Bethany Carson, an immigration organizers and researcher with Grassroots Leadership who had worked with the dead man's wife and testified at his court hearing subsequent to his deportation, decried the late man's deportation.
“Immigration raids have impacts on individuals and their families that are now often deadly,” Carson said. “The county policy refusing to honor most unconstitutional detainers only protects immigrants in our community if they cannot later be snatched from our courts and our streets. Stopping ICE is now a life-and-death matter. Our local elected leaders must do everything within their power to stop these deportations.”
Grassroots Leadership officials note Coronilla isn't the first immigrant whose death was precipitated following ICE detention. A second man, Felipe Almazan-Ruiz, died in an immigration detention center in Livingston, Texas. in the morning of Sept. 17th.
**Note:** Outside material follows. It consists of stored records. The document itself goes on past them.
(* Weighting a register state v: probability that the observed basis state
   lies in A, i.e. sum_{j in A} |v_j| / ||v||_1. *)
Definition weight_in (n : nat) (v : 'cV[rat]_n) (A : {set 'I_n}) : rat :=
  (\sum_(j in A) `|v j ord0|) / (\sum_j `|v j ord0|).

Definition acc_prob (S : Type) (V : verifier S) (P : prover V) (w : seq S) : rat :=
  let: (q, rg, _) := run P w in
  if q \in vacc V then \prod_(i < vk V) weight_in (rg i) (@vaccset S V i) else 0.

Definition verifies_with_error (S : Type) (V : verifier S) (L : seq S -> Prop)
    (eps : rat) : Prop :=
  (exists P : prover V, forall w, L w -> acc_prob P w >= 1 - eps) /\
  (forall w, ~ L w -> forall P : prover V, 1 - acc_prob P w >= 1 - eps).

Definition perfect_completeness (S : Type) (V : verifier S)
    (L : seq S -> Prop) : Prop :=
  exists P : prover V, forall w, L w -> acc_prob P w = 1.

Definition affine_states (S : Type) (V : verifier S) : nat :=
  (\sum_(i < vk V) @vdim S V i)%N.

(* The verifier reads x s y, the prover announcing where the middle symbol s
   is, and keeps in one affine register the numbers N = code(rev x) - code(y)
   and B^|y|, where code is the base-B numeral (B = |S| + 1) whose digits are
   the nonzero symbol ranks.  Each symbol updates these two coordinates by an
   affine map whose constant term is paid for by the unit mass of the affine
   state; a third coordinate absorbs the remaining mass.  At the right
   end-marker the register becomes (N/eps, -N/eps, 1), so the weighting hits
   the accepting coordinate with probability 1/(1 + 2|N|/eps).  This is 1 if
   y = rev x, and at most eps otherwise because code is injective, so that
   |N| >= 1.  Over the empty alphabet the language is empty and a verifier
   that always rejects does the job. *)

From HB Require Import structures.
From mathcomp Require Import all_boot all_order all_algebra ring lra.
Import Order.TTheory GRing.Theory Num.Theory.
Local Open Scope ring_scope.
Set Implicit Arguments. Unset Strict Implicit. Unset Printing Implicit Defensive.

Lemma sum_indicator (R : pzSemiRingType) m (j : 'I_m) : \sum_i ((i == j)%:R : R) = 1.
Proof. by rewrite (bigD1 j) //= eqxx big1 ?addr0 // => i /negbTE ->. Qed.

Lemma delta_col_sum {R : pzSemiRingType} {m} (i : 'I_m) :
  \sum_j (delta_mx i 0 : 'cV[R]_m) j 0 = 1.
Proof. by under eq_bigr => j _ do rewrite mxE eqxx andbT; apply: sum_indicator. Qed.

Lemma mx1_col_sum {R : pzSemiRingType} {m} (j : 'I_m) : \sum_i (1%:M : 'M[R]_m) i j = 1.
Proof. by under eq_bigr => i _ do rewrite mxE; apply: sum_indicator. Qed.

Lemma sum_mulmx_col_stochastic (R : pzSemiRingType) m n (M : 'M[R]_(m, n))
    (v : 'cV[R]_n) :
  (forall j, \sum_i M i j = 1) -> \sum_i (M *m v) i 0 = \sum_j v j 0.
Proof.
move=> M1; under eq_bigr do rewrite mxE; rewrite exchange_big /=.
by apply: eq_bigr => j _; rewrite -mulr_suml M1 mul1r.
Qed.

Section TwoCoordinateAffineMaps.

Variables (R : comPzRingType) (n : nat).

Definition i_num : 'I_n.+3 := ord0.
Definition i_pow : 'I_n.+3 := Ordinal (isT : (1 < n.+3)%N).
Definition i_acc : 'I_n.+3 := Ordinal (isT : (2 < n.+3)%N).

Definition affine_row (a b c : R) (j : 'I_n.+3) : R :=
  (if j == i_num then a else 0) + (if j == i_pow then b else 0) + c.

Definition affine2 (a b c d e f : R) : 'M[R]_n.+3 := \matrix_(i, j)
  if i == i_num then affine_row a b c j
  else if i == i_pow then affine_row d e f j
  else if i == i_acc then 1 - affine_row a b c j - affine_row d e f j
  else 0.

Lemma affine2_col_sum a b c d e f j : \sum_i affine2 a b c d e f i j = 1.
Proof.
rewrite (bigD1 i_num) // (bigD1 i_pow) // (bigD1 i_acc) // big1 => [|i].
  by rewrite !mxE /=; ring.
by rewrite mxE => /andP[/andP[/andP[_ /negbTE->] /negbTE->] /negbTE->].
Qed.

Lemma sum_affine_row a b c (v : 'cV[R]_n.+3) :
  \sum_j affine_row a b c j * v j 0
  = a * v i_num 0 + b * v i_pow 0 + c * \sum_j v j 0.
Proof.
under eq_bigr do rewrite /affine_row !mulrDl !(fun_if (fun x => x * _)) !mul0r.
by rewrite !big_split /= -!big_mkcond !big_pred1_eq mulr_sumr.
Qed.

Lemma affine2_mulmx a b c d e f (v : 'cV[R]_n.+3) : \sum_j v j 0 = 1 ->
  affine2 a b c d e f *m v = \col_i
    (if i == i_num then a * v i_num 0 + b * v i_pow 0 + c
     else if i == i_pow then d * v i_num 0 + e * v i_pow 0 + f
     else if i == i_acc then 1 - (a * v i_num 0 + b * v i_pow 0 + c)
                             - (d * v i_num 0 + e * v i_pow 0 + f)
     else 0).
Proof.
move=> v1; apply/matrixP => i j; rewrite !mxE (ord1 j).
under eq_bigr do rewrite mxE.
case: ifP => _; first by rewrite sum_affine_row v1 mulr1.
case: ifP => _; first by rewrite sum_affine_row v1 mulr1.
case: ifP => _; last by rewrite big1 // => l _; rewrite mul0r.
under eq_bigr do rewrite !mulrBl mul1r.
by rewrite !sumrB !sum_affine_row v1 !mulr1.
Qed.

Lemma affine2_num a b c d e f (v : 'cV[R]_n.+3) : \sum_j v j 0 = 1 ->
  (affine2 a b c d e f *m v) i_num 0 = a * v i_num 0 + b * v i_pow 0 + c.
Proof. by move=> v1; rewrite affine2_mulmx // mxE. Qed.

Lemma affine2_pow a b c d e f (v : 'cV[R]_n.+3) : \sum_j v j 0 = 1 ->
  (affine2 a b c d e f *m v) i_pow 0 = d * v i_num 0 + e * v i_pow 0 + f.
Proof. by move=> v1; rewrite affine2_mulmx // mxE. Qed.

Lemma affine2_sum a b c d e f (v : 'cV[R]_n.+3) : \sum_j v j 0 = 1 ->
  \sum_i (affine2 a b c d e f *m v) i 0 = 1.
Proof. by move=> v1; rewrite sum_mulmx_col_stochastic // => j; apply: affine2_col_sum. Qed.

End TwoCoordinateAffineMaps.

Arguments i_num {n}. Arguments i_pow {n}. Arguments i_acc {n}.
Arguments affine2 {R n}.

Lemma weight_affine2_acc n (t : rat) (v : 'cV[rat]_n.+3) : \sum_j v j 0 = 1 ->
  weight_in (affine2 t 0 0 (- t) 0 0 *m v) [set i_acc] = 1 / (2 * `|t * v i_num 0| + 1).
Proof.
move=> v1; rewrite /weight_in affine2_mulmx // big_set1 !mxE /=.
rewrite (bigD1 i_num) // (bigD1 i_pow) // (bigD1 i_acc) // big1 => [|i].
  rewrite !mxE /= !mul0r !addr0 mulNr normrN opprK.
  by rewrite (_ : 1 - _ + _ = 1) ?normr1 //; [congr (_ / _); ring | ring].
by rewrite mxE => /andP[/andP[/andP[_ /negbTE->] /negbTE->] /negbTE->]; rewrite normr0.
Qed.

Section Numerals.

Variable S : finType.

Definition digit (a : S) : nat := (enum_rank a).+1.
Definition base : nat := #|S|.+1.

Fixpoint code (s : seq S) : nat :=
  if s is a :: t then (digit a + base * code t)%N else 0%N.

Lemma digit_lt_base a : (digit a < base)%N.
Proof. by rewrite ltnS ltn_ord. Qed.

Lemma code_rcons s a : code (rcons s a) = (code s + digit a * base ^ size s)%N.
Proof.
elim: s => [|b s IHs] /=; first by rewrite muln0 addn0 add0n muln1.
by rewrite IHs mulnDr expnS mulnCA addnA.
Qed.

Lemma code_inj : injective code.
Proof.
elim=> [|a s IHs] [|b t] //= eq_code.
have eq_ab : digit a = digit b.
  have := congr1 (modn^~ base) eq_code.
  rewrite ![(digit _ + _)%N]addnC ![(base * _)%N]mulnC !modnMDl.
  by rewrite !modn_small ?digit_lt_base.
move: eq_code; rewrite eq_ab => /addnI /eqP; rewrite eqn_mul2l /= => /eqP /IHs ->.
by move: eq_ab => -[] /ord_inj /enum_rank_inj ->.
Qed.

End Numerals.

Lemma norm_natrB_ge1 (R : numDomainType) (m n : nat) :
  m != n -> 1 <= `|m%:R - n%:R : R|.
Proof.
case: (ltngtP m n) => // lt _; first rewrite distrC.
all: by rewrite -natrB ?(ltnW lt) // normr_nat ler1n subn_gt0.
Qed.

Inductive phase := FirstHalf | SecondHalf | Accepted | Rejected.

Definition phase_code (p : phase) : bool * bool :=
  match p with
  | FirstHalf => (false, false) | SecondHalf => (true, false)
  | Accepted => (true, true) | Rejected => (false, true)
  end.

Definition phase_decode (b : bool * bool) : phase :=
  match b with
  | (false, false) => FirstHalf | (true, false) => SecondHalf
  | (true, true) => Accepted | (false, true) => Rejected
  end.

Lemma phase_codeK : cancel phase_code phase_decode. Proof. by case. Qed.

HB.instance Definition _ := Finite.copy phase (can_type phase_codeK).

Section MiddlePalindromeVerifier.

Variables (S : finType) (k : nat) (t : rat).

Definition mpal_delta (q : phase) (a : tsym S) (middle : bool) : phase :=
  match q, a with
  | FirstHalf, LEnd => FirstHalf
  | FirstHalf, Sym _ => if middle then SecondHalf else FirstHalf
  | SecondHalf, Sym _ => SecondHalf
  | SecondHalf, REnd => Accepted
  | _, _ => Rejected
  end.

Definition mpal_op (q : phase) (a : tsym S) (middle : bool) : 'M[rat]_k.+3 :=
  match q, a with
  | FirstHalf, Sym s =>
      if middle then affine2 1 0 0 0 1 0 else affine2 (base S)%:R 0 (digit s)%:R 0 1 0
  | SecondHalf, Sym s => affine2 1 (- (digit s)%:R) 0 0 (base S)%:R 0
  | SecondHalf, REnd => affine2 t 0 0 (- t) 0 0
  | _, _ => affine2 1 0 0 0 1 0
  end.

Lemma mpal_op_col_sum q a middle j : \sum_i mpal_op q a middle i j = 1.
Proof. by case: q; case: a => [|s|] //=; try case: middle; apply: affine2_col_sum. Qed.

Definition mpal_verifier : verifier S :=
  @Verifier S phase bool 1 (fun _ => k.+3) FirstHalf [set Accepted]
    (fun _ _ => true) mpal_delta (fun q a middle _ => mpal_op q a middle)
    (fun _ => delta_mx i_pow 0) (fun _ => [set i_acc])
    (fun _ => delta_col_sum i_pow) (fun q a middle _ => mpal_op_col_sum q a middle).

Definition mpal_start : config mpal_verifier :=
  (FirstHalf, fun _ => delta_mx i_pow 0, [::]).

Section Run.

Variables (P : prover mpal_verifier) (w : seq S).

Definition prover_answered (n : nat) (b : bool) : Prop :=
  exists h q m, size h = n /\ P w h q m = b.

Definition reads_prefix (u : seq S) (c : config mpal_verifier) : Prop :=
  let: (q, rg, h) := c in let v := rg ord0 in
  [/\ size h = (size u).+1, \sum_j v j 0 = 1 &
    [/\ q = FirstHalf, v i_num 0 = (code (rev u))%:R, v i_pow 0 = 1
      & forall i, (i < size u)%N -> prover_answered i.+1 false]
    \/ q = SecondHalf /\ exists x s y, [/\ u = x ++ s :: y,
      v i_num 0 = (code (rev x))%:R - (code y)%:R,
      v i_pow 0 = (base S ^ size y)%:R & prover_answered (size x).+1 true]].

Lemma reads_prefix_nil : reads_prefix [::] (step P w mpal_start LEnd).
Proof.
have init_sum := delta_col_sum (R := rat) (@i_pow k).
rewrite /reads_prefix /=; split=> //; first exact: affine2_sum.
left; split=> //; rewrite ?affine2_num ?affine2_pow // !mxE /=; ring.
Qed.

Lemma reads_prefix_rcons u a c :
  reads_prefix u c -> reads_prefix (rcons u a) (step P w c (Sym a)).
Proof.
case: c => [[q rg] h] [size_h sum1
  [[-> num pow before] | [-> [x [s [y [eq_u num pow mid]]]]]]].
- rewrite /reads_prefix /= !size_rcons size_h.
  case middle: (P w h FirstHalf true); split=> //; try exact: affine2_sum.
    right; split=> //; exists u, a, [::]; split; first by rewrite cats1.
    + by rewrite affine2_num // num pow /=; ring.
    + by rewrite affine2_pow // num pow /=; ring.
    + by exists h, FirstHalf, true; rewrite size_h.
  left; split=> //.
  + by rewrite affine2_num // num pow rev_rcons /= natrD natrM; ring.
  + by rewrite affine2_pow // num pow; ring.
  + move=> i; rewrite ltnS leq_eqVlt => /orP[/eqP-> | /before //].
    by exists h, FirstHalf, true; rewrite size_h.
- rewrite /reads_prefix /= !size_rcons size_h; split=> //; first exact: affine2_sum.
  right; split=> //; exists x, s, (rcons y a); split=> //.
  + by rewrite eq_u rcons_cat.
  + by rewrite affine2_num // num pow code_rcons natrD natrM; ring.
  + by rewrite affine2_pow // pow size_rcons expnS natrM; ring.
Qed.

Lemma reads_prefix_run u :
  reads_prefix u (foldl (step P w) mpal_start (LEnd :: map (@Sym S) u)).
Proof.
elim/last_ind: u => [|u a IHu]; first exact: reads_prefix_nil.
by rewrite map_rcons -rcons_cons foldl_rcons; apply: reads_prefix_rcons.
Qed.

Lemma acc_prob_mpal_verifier :
  (acc_prob P w = 0 /\ forall i, (i < size w)%N -> prover_answered i.+1 false) \/
  exists x s y, [/\ w = x ++ s :: y, prover_answered (size x).+1 true &
    acc_prob P w = 1 / (2 * `|t * ((code (rev x))%:R - (code y)%:R)| + 1)].
Proof.
rewrite /acc_prob /run /tape cats1 -rcons_cons foldl_rcons.
have := reads_prefix_run w.
case: (foldl _ _ _) => [[q rg] h] [_ sum1
  [[-> _ _ before] | [-> [x [s [y [eq_w num _ mid]]]]]]].
  by left; rewrite /= inE.
right; exists x, s, y; split=> //.
by rewrite /= inE big_ord1 weight_affine2_acc // num.
Qed.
Almazan-Ruiz had lived in the U.S. since 1985 before being transferred to the IAH Polk Detention Center in Livingston from Florida in the lead-up to Hurricane Irma.
According to ICE officials, Almazan-Ruiz died from cardiac arrest after being admitted for treatment of cirrhosis of the liver — marking the 12th death in ICE custody during fiscal year 2017. The immigrant had been transferred to Livingston Memorial hospital and then to the Conroe Regional Medical Center before his death.
Both Grassroots Leadership and the national Detention Watch Network had warned of inadequate medical care and other dangerous conditions in a 2012 report following a tour of the facility.
“Simply put, detention and deportation are a deadly business,” Bob Libal, executive director of Grassroots Leadership, said. “Given the high-profile failings of the detention system in Texas, it is outrageous that the Trump administration is planning a massive new for-profit detention center down the road in Conroe.”